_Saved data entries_
Lemma Ck2_mixed_partials_commute (U : domain) (f A B : R -> R -> R) (u v a b : R) :
  open_dom U -> Ck 2 U f -> pd_u U f A -> pd_v U f B -> U u v ->
  derivable_pt_lim (fun t => A u t) v a -> derivable_pt_lim (fun s => B s v) u b ->
  a = b.
Proof.
  intros HU (fu & fv & Hfu & Hfv & (fuu & fuv & _ & Hfuv & _ & Cuv)
    & (fvu & fvv & Hfvu & _ & Cvu & _)) HA HB Huv Ha Hb.
  assert (HUloc := open_dom_locally_2d U u v HU Huv).
  assert (Euv : forall s t, U s t -> Derive (fun w => Derive (fun z => f z w) s) t = fuv s t)
    by (intros s t Hst; apply is_derive_unique, (is_derive_Derive_u U f fu); auto).
  assert (Evu : forall s t, U s t -> Derive (fun z => Derive (fun w => f z w) t) s = fvu s t)
    by (intros s t Hst; apply is_derive_unique, (is_derive_Derive_v U f fv); auto).
  transitivity (Derive (fun w => Derive (fun z => f z w) u) v);
    [symmetry; apply is_derive_unique, (is_derive_Derive_u U f A); assumption |].
  transitivity (Derive (fun z => Derive (fun w => f z w) v) u);
    [| apply is_derive_unique, (is_derive_Derive_v U f B); assumption].
  symmetry. apply Schwarz.
  - apply locally_2d_impl with U; [apply locally_2d_forall | exact HUloc].
    intros s t Hst. repeat split.
    + exists (fu s t). apply is_derive_Reals, Hfu, Hst.
    + exists (fv s t). apply is_derive_Reals, Hfv, Hst.
    + exists (fvu s t). apply (is_derive_Derive_v U f fv); auto.
    + exists (fuv s t). apply (is_derive_Derive_u U f fu); auto.
  - apply continuity_2d_pt_ext_loc with fvu; [| apply (cont2_continuity_2d_pt U); assumption].
    apply locally_2d_impl with U; [apply locally_2d_forall | exact HUloc].
    intros s t Hst. symmetry. apply Evu, Hst.
  - apply continuity_2d_pt_ext_loc with fuv; [| apply (cont2_continuity_2d_pt U); assumption].
    apply locally_2d_impl with U; [apply locally_2d_forall | exact HUloc].
    intros s t Hst. symmetry. apply Euv, Hst.
Qed.

Lemma pd_u_derivable_v (U : domain) (f A : R -> R -> R) (u v : R) :
  open_dom U -> Ck 2 U f -> pd_u U f A -> U u v ->
  exists d, derivable_pt_lim (fun t => A u t) v d.
Proof.
  intros HU (fu & fv & Hfu & _ & (fuu & fuv & _ & Hfuv & _) & _) HA Huv.
  exists (fuv u v). apply is_derive_Reals, is_derive_ext_loc with (fun t => fu u t).
  - apply (open_dom_near_v U u v); [exact HU | exact Huv |].
    intros t Hut. rewrite <- (Derive_pd_u U f fu), (Derive_pd_u U f A) by assumption.
    reflexivity.
  - apply is_derive_Reals, Hfuv, Huv.
Qed.

Lemma pd_v_derivable_u (U : domain) (f B : R -> R -> R) (u v : R) :
  open_dom U -> Ck 2 U f -> pd_v U f B -> U u v ->
  exists d, derivable_pt_lim (fun s => B s v) u d.
Proof.
  intros HU (fu & fv & _ & Hfv & _ & (fvu & fvv & Hfvu & _)) HB Huv.
  exists (fvu u v). apply is_derive_Reals, is_derive_ext_loc with (fun s => fv s v).
  - apply (open_dom_near_u U u v); [exact HU | exact Huv |].
    intros s Hsv. rewrite <- (Derive_pd_v U f fv), (Derive_pd_v U f B) by assumption.
    reflexivity.
  - apply is_derive_Reals, Hfvu, Huv.
Qed.

Lemma smooth_derivable_u (U : domain) (f : R -> R -> R) (u v : R) :
  smooth U f -> U u v -> exists d, derivable_pt_lim (fun s => f s v) u d.
Proof. intros Hf Huv. destruct (Hf 1%nat) as (fu & _ & Hfu & _). exists (fu u v). auto. Qed.

Lemma smooth_derivable_v (U : domain) (f : R -> R -> R) (u v : R) :
  smooth U f -> U u v -> exists d, derivable_pt_lim (fun t => f u t) v d.
Proof. intros Hf Huv. destruct (Hf 1%nat) as (_ & fv & _ & Hfv & _). exists (fv u v). auto. Qed.

Definition vderiv (X : R -> R4) (t : R) (D : R4) : Prop :=
  derivable_pt_lim (fun s => c1 (X s)) t (c1 D) /\
  derivable_pt_lim (fun s => c2 (X s)) t (c2 D) /\
  derivable_pt_lim (fun s => c3 (X s)) t (c3 D) /\
  derivable_pt_lim (fun s => c4 (X s)) t (c4 D).

Lemma vderiv_scale (f : R -> R) (X : R -> R4) (t df : R) (dX : R4) :
  derivable_pt_lim f t df -> vderiv X t dX ->
  vderiv (fun s => vscale (f s) (X s)) t (vadd (vscale df (X t)) (vscale (f t) dX)).
Proof.
  intros Hf (H1 & H2 & H3 & H4).
  repeat split; simpl; apply derivable_pt_lim_mult; assumption.
Qed.

Lemma vderiv_add (X Y : R -> R4) (t : R) (dX dY : R4) :
  vderiv X t dX -> vderiv Y t dY -> vderiv (fun s => vadd (X s) (Y s)) t (vadd dX dY).
Proof.
  intros (H1 & H2 & H3 & H4) (K1 & K2 & K3 & K4).
  repeat split; simpl; apply derivable_pt_lim_plus; assumption.
Qed.

Lemma vderiv_lc2 (f g : R -> R) (X Y : R -> R4) (t df dg : R) (dX dY : R4) :
  derivable_pt_lim f t df -> vderiv X t dX -> derivable_pt_lim g t dg -> vderiv Y t dY ->
  vderiv (fun s => lc2 (f s) (X s) (g s) (Y s)) t
    (vadd (vadd (vscale df (X t)) (vscale (f t) dX)) (vadd (vscale dg (Y t)) (vscale (g t) dY))).
Proof.
  intros Hf HX Hg HY. unfold lc2.
  apply vderiv_add; apply vderiv_scale; assumption.
Qed.

Lemma vderiv_dot (X Y : R -> R4) (t : R) (dX dY : R4) :
  vderiv X t dX -> vderiv Y t dY ->
  derivable_pt_lim (fun s => dot (X s) (Y s)) t (dot dX (Y t) + dot (X t) dY).
Proof.
  intros (H1 & H2 & H3 & H4) (K1 & K2 & K3 & K4). unfold dot.
  replace (_ + _) with
    ((c1 dX * c1 (Y t) + c1 (X t) * c1 dY) + (c2 dX * c2 (Y t) + c2 (X t) * c2 dY)
     + (c3 dX * c3 (Y t) + c3 (X t) * c3 dY) + (c4 dX * c4 (Y t) + c4 (X t) * c4 dY))
    by ring.
  repeat apply derivable_pt_lim_plus; apply derivable_pt_lim_mult; assumption.
Qed.

Lemma vpd_u_slice (U : domain) (X Y : R -> R -> R4) (s t : R) :
  vpd_u U X Y -> U s t -> vderiv (fun s' => X s' t) s (Y s t).
Proof. intros (H1 & H2 & H3 & H4) Hst. repeat split; auto. Qed.

Lemma vpd_v_slice (U : domain) (X Y : R -> R -> R4) (s t : R) :
  vpd_v U X Y -> U s t -> vderiv (fun t' => X s t') t (Y s t).
Proof. intros (H1 & H2 & H3 & H4) Hst. repeat split; auto. Qed.

Lemma vmixed_partials_commute (U : domain) (X A B : R -> R -> R4) (u v : R) (DA DB : R4) :
  open_dom U -> vsmooth U X -> vpd_u U X A -> vpd_v U X B -> U u v ->
  vderiv (fun t => A u t) v DA -> vderiv (fun s => B s v) u DB -> DA = DB.
Proof.
  intros HU (S1 & S2 & S3 & S4) (A1 & A2 & A3 & A4) (B1 & B2 & B3 & B4) Huv
    (a1 & a2 & a3 & a4) (b1 & b2 & b3 & b4).
  destruct DA, DB; simpl in *. f_equal.
  - exact (Ck2_mixed_partials_commute U _ _ _ u v _ _ HU (S1 2%nat) A1 B1 Huv a1 b1).
  - exact (Ck2_mixed_partials_commute U _ _ _ u v _ _ HU (S2 2%nat) A2 B2 Huv a2 b2).
  - exact (Ck2_mixed_partials_commute U _ _ _ u v _ _ HU (S3 2%nat) A3 B3 Huv a3 b3).
  - exact (Ck2_mixed_partials_commute U _ _ _ u v _ _ HU (S4 2%nat) A4 B4 Huv a4 b4).
Qed.

Lemma vpd_u_vderiv_v (U : domain) (X A : R -> R -> R4) (u v : R) :
  open_dom U -> vsmooth U X -> vpd_u U X A -> U u v ->
  exists D, vderiv (fun t => A u t) v D.
Proof.
  intros HU (S1 & S2 & S3 & S4) (A1 & A2 & A3 & A4) Huv.
  destruct (pd_u_derivable_v U _ _ u v HU (S1 2%nat) A1 Huv) as [d1 H1].
  destruct (pd_u_derivable_v U _ _ u v HU (S2 2%nat) A2 Huv) as [d2 H2].
  destruct (pd_u_derivable_v U _ _ u v HU (S3 2%nat) A3 Huv) as [d3 H3].
  destruct (pd_u_derivable_v U _ _ u v HU (S4 2%nat) A4 Huv) as [d4 H4].
  exists (mkR4 d1 d2 d3 d4). repeat split; assumption.
Qed.

Lemma vpd_v_vderiv_u (U : domain) (X B : R -> R -> R4) (u v : R) :
  open_dom U -> vsmooth U X -> vpd_v U X B -> U u v ->
  exists D, vderiv (fun s => B s v) u D.
Proof.
  intros HU (S1 & S2 & S3 & S4) (B1 & B2 & B3 & B4) Huv.
  destruct (pd_v_derivable_u U _ _ u v HU (S1 2%nat) B1 Huv) as [d1 H1].
  destruct (pd_v_derivable_u U _ _ u v HU (S2 2%nat) B2 Huv) as [d2 H2].
  destruct (pd_v_derivable_u U _ _ u v HU (S3 2%nat) B3 Huv) as [d3 H3].
  destruct (pd_v_derivable_u U _ _ u v HU (S4 2%nat) B4 Huv) as [d4 H4].
  exists (mkR4 d1 d2 d3 d4). repeat split; assumption.
Qed.

Lemma dot_comm (X Y : R4) : dot X Y = dot Y X.
Proof. unfold dot. ring. Qed.

Lemma dot_vadd_r (X Y Z : R4) : dot X (vadd Y Z) = dot X Y + dot X Z.
Proof. unfold dot, vadd. simpl. ring. Qed.

Lemma dot_vscale_r (X Y : R4) (r : R) : dot X (vscale r Y) = r * dot X Y.
Proof. unfold dot, vscale. simpl. ring. Qed.

#[local] Hint Rewrite dot_vadd_r dot_vscale_r : dot_expand.

Lemma dot_self_nonneg (X : R4) : 0 <= dot X X.
Proof. unfold dot. nra. Qed.

Lemma vscale_inv_cancel (r : R) (X : R4) : r <> 0 -> vscale r (vscale (/ r) X) = X.
Proof. intros Hr. destruct X. unfold vscale. simpl. f_equal; field; exact Hr. Qed.

Lemma vpd_u_ext (U : domain) (X A A' : R -> R -> R4) :
  (forall s t, U s t -> A s t = A' s t) -> vpd_u U X A -> vpd_u U X A'.
Proof.
  intros E (H1 & H2 & H3 & H4).
  repeat split; intros s t Hst; rewrite <- (E s t Hst); auto.
Qed.

Lemma vpd_v_ext (U : domain) (X B B' : R -> R -> R4) :
  (forall s t, U s t -> B s t = B' s t) -> vpd_v U X B -> vpd_v U X B'.
Proof.
  intros E (H1 & H2 & H3 & H4).
  repeat split; intros s t Hst; rewrite <- (E s t Hst); auto.
Qed.

Section StructureEquations.

Variables (U : domain) (z zu zv x y n1 n2 : R -> R -> R4)
  (nu mu g1 g2 b1 b2 : R -> R -> R).
Hypothesis Hreg : regular_surface U z zu zv.
Hypothesis Hsc : semi_canonical U zu zv x y.
Hypothesis Hgf : geometric_frame U zu zv x y n1 n2 nu mu g1 g2 b1 b2.

(* E and G are positive, since F = 0 and E G - F^2 > 0. *)
Lemma first_form_pos (s t : R) : U s t -> 0 < fE zu s t /\ 0 < fG zv s t.
Proof.
  intros Hst. destruct Hreg as (_ & _ & _ & _ & Hdet).
  specialize (Hdet s t Hst). destruct (Hsc s t Hst) as (HF & _ & _).
  rewrite HF in Hdet.
  pose proof (dot_self_nonneg (zu s t)). pose proof (dot_self_nonneg (zv s t)).
  unfold fE, fG in *. split; nra.
Qed.

Lemma zu_along_x : vpd_u U z (fun s t => vscale (sqrt (fE zu s t)) (x s t)).
Proof.
  destruct Hreg as (_ & _ & Hzu & _).
  apply vpd_u_ext with zu; [| exact Hzu].
  intros s t Hst. destruct (Hsc s t Hst) as (_ & -> & _).
  symmetry. apply vscale_inv_cancel.
  apply Rgt_not_eq, sqrt_lt_R0, first_form_pos, Hst.
Qed.

Lemma zv_along_y : vpd_v U z (fun s t => vscale (sqrt (fG zv s t)) (y s t)).
Proof.
  destruct Hreg as (_ & _ & _ & Hzv & _).
  apply vpd_v_ext with zv; [| exact Hzv].
  intros s t Hst. destruct (Hsc s t Hst) as (_ & _ & ->).
  symmetry. apply vscale_inv_cancel.
  apply Rgt_not_eq, sqrt_lt_R0, first_form_pos, Hst.
Qed.

Variables (u v : R).
Hypothesis Huv : U u v.

Local Notation a := (sqrt (fE zu u v)).
Local Notation b := (sqrt (fG zv u v)).

Lemma sqrtE_pos : 0 < a.
Proof. apply sqrt_lt_R0, first_form_pos, Huv. Qed.

Lemma sqrtG_pos : 0 < b.
Proof. apply sqrt_lt_R0, first_form_pos, Huv. Qed.

Lemma frame_orthonormal :
  dot (x u v) (x u v) = 1 /\ dot (y u v) (y u v) = 1 /\ dot (x u v) (y u v) = 0 /\
  dot (x u v) (n1 u v) = 0 /\ dot (x u v) (n2 u v) = 0 /\
  dot (y u v) (n1 u v) = 0 /\ dot (y u v) (n2 u v) = 0.
Proof.
  destruct Hgf as (_ & _ & _ & _ & _ & _ & _ & _ & Hframe & _).
  destruct (Hframe u v Huv) as (Hxx & Hyy & _ & _ & Hxy & Hxn1 & Hxn2 & Hyn1 & Hyn2 & _).
  repeat split; assumption.
Qed.

Lemma frame_derivatives :
  vderiv (fun s => x s v) u (vscale a (lc2 (g1 u v) (y u v) (nu u v) (n1 u v))) /\
  vderiv (fun s => y s v) u (vscale a (lc2 (- g1 u v) (x u v) (mu u v) (n2 u v))) /\
  vderiv (fun t => x u t) v (vscale b (lc2 (- g2 u v) (y u v) (mu u v) (n2 u v))) /\
  vderiv (fun t => y u t) v (vscale b (lc2 (g2 u v) (x u v) (- nu u v) (n1 u v))) /\
  vderiv (fun s => n1 s v) u (vscale a (lc2 (- nu u v) (x u v) (b1 u v) (n2 u v))) /\
  vderiv (fun t => n1 u t) v (vscale b (lc2 (nu u v) (y u v) (b2 u v) (n2 u v))) /\
  vderiv (fun s => n2 s v) u (vscale a (lc2 (- mu u v) (y u v) (- b1 u v) (n1 u v))) /\
  vderiv (fun t => n2 u t) v (vscale b (lc2 (- mu u v) (x u v) (- b2 u v) (n1 u v))).
Proof.
  destruct Hgf as (_ & _ & _ & _ & _ & _ & _ & _ & _ & Nxu & Nyu & Nxv & Nyv
    & Nn1u & Nn1v & Nn2u & Nn2v).
  repeat match goal with |- _ /\ _ => split end.
  - exact (vpd_u_slice U _ _ u v Nxu Huv).
  - exact (vpd_u_slice U _ _ u v Nyu Huv).
  - exact (vpd_v_slice U _ _ u v Nxv Huv).
  - exact (vpd_v_slice U _ _ u v Nyv Huv).
  - exact (vpd_u_slice U _ _ u v Nn1u Huv).
  - exact (vpd_v_slice U _ _ u v Nn1v Huv).
  - exact (vpd_u_slice U _ _ u v Nn2u Huv).
  - exact (vpd_v_slice U _ _ u v Nn2v Huv).
Qed.

(* From a vector identity E, derive its x-component Ex and its y-component Ey. *)
Ltac frame_coordinates E :=
  let Hxx := fresh in let Hyy := fresh in let Hxy := fresh in
  let Hxn1 := fresh in let Hxn2 := fresh in let Hyn1 := fresh in let Hyn2 := fresh in
  let Ex := fresh "Ex" in let Ey := fresh "Ey" in
  destruct frame_orthonormal as (Hxx & Hyy & Hxy & Hxn1 & Hxn2 & Hyn1 & Hyn2);
  pose proof (f_equal (dot (x u v)) E) as Ex; pose proof (f_equal (dot (y u v)) E) as Ey;
  cbv beta in Ex, Ey; unfold lc2 in Ex, Ey; autorewrite with dot_expand in Ex, Ey;
  rewrite ?Hxx, ?Hxy, ?Hxn1, ?Hxn2 in Ex;
  rewrite ?(dot_comm (y u v) (x u v)), ?Hxy, ?Hyy, ?Hyn1, ?Hyn2 in Ey.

_Directions_
Your task is to restate, word for word, only those lines above that fall between the line holding "Lemma pd_v_derivable_u (U" and the line holding "intros HU (fu & fv & _", inclusive.

_Response_
Lemma pd_v_derivable_u (U : domain) (f B : R -> R -> R) (u v : R) :
  open_dom U -> Ck 2 U f -> pd_v U f B -> U u v ->
  exists d, derivable_pt_lim (fun s => B s v) u d.
Proof.
  intros HU (fu & fv & _ & Hfv & _ & (fvu & fvv & Hfvu & _)) HB Huv.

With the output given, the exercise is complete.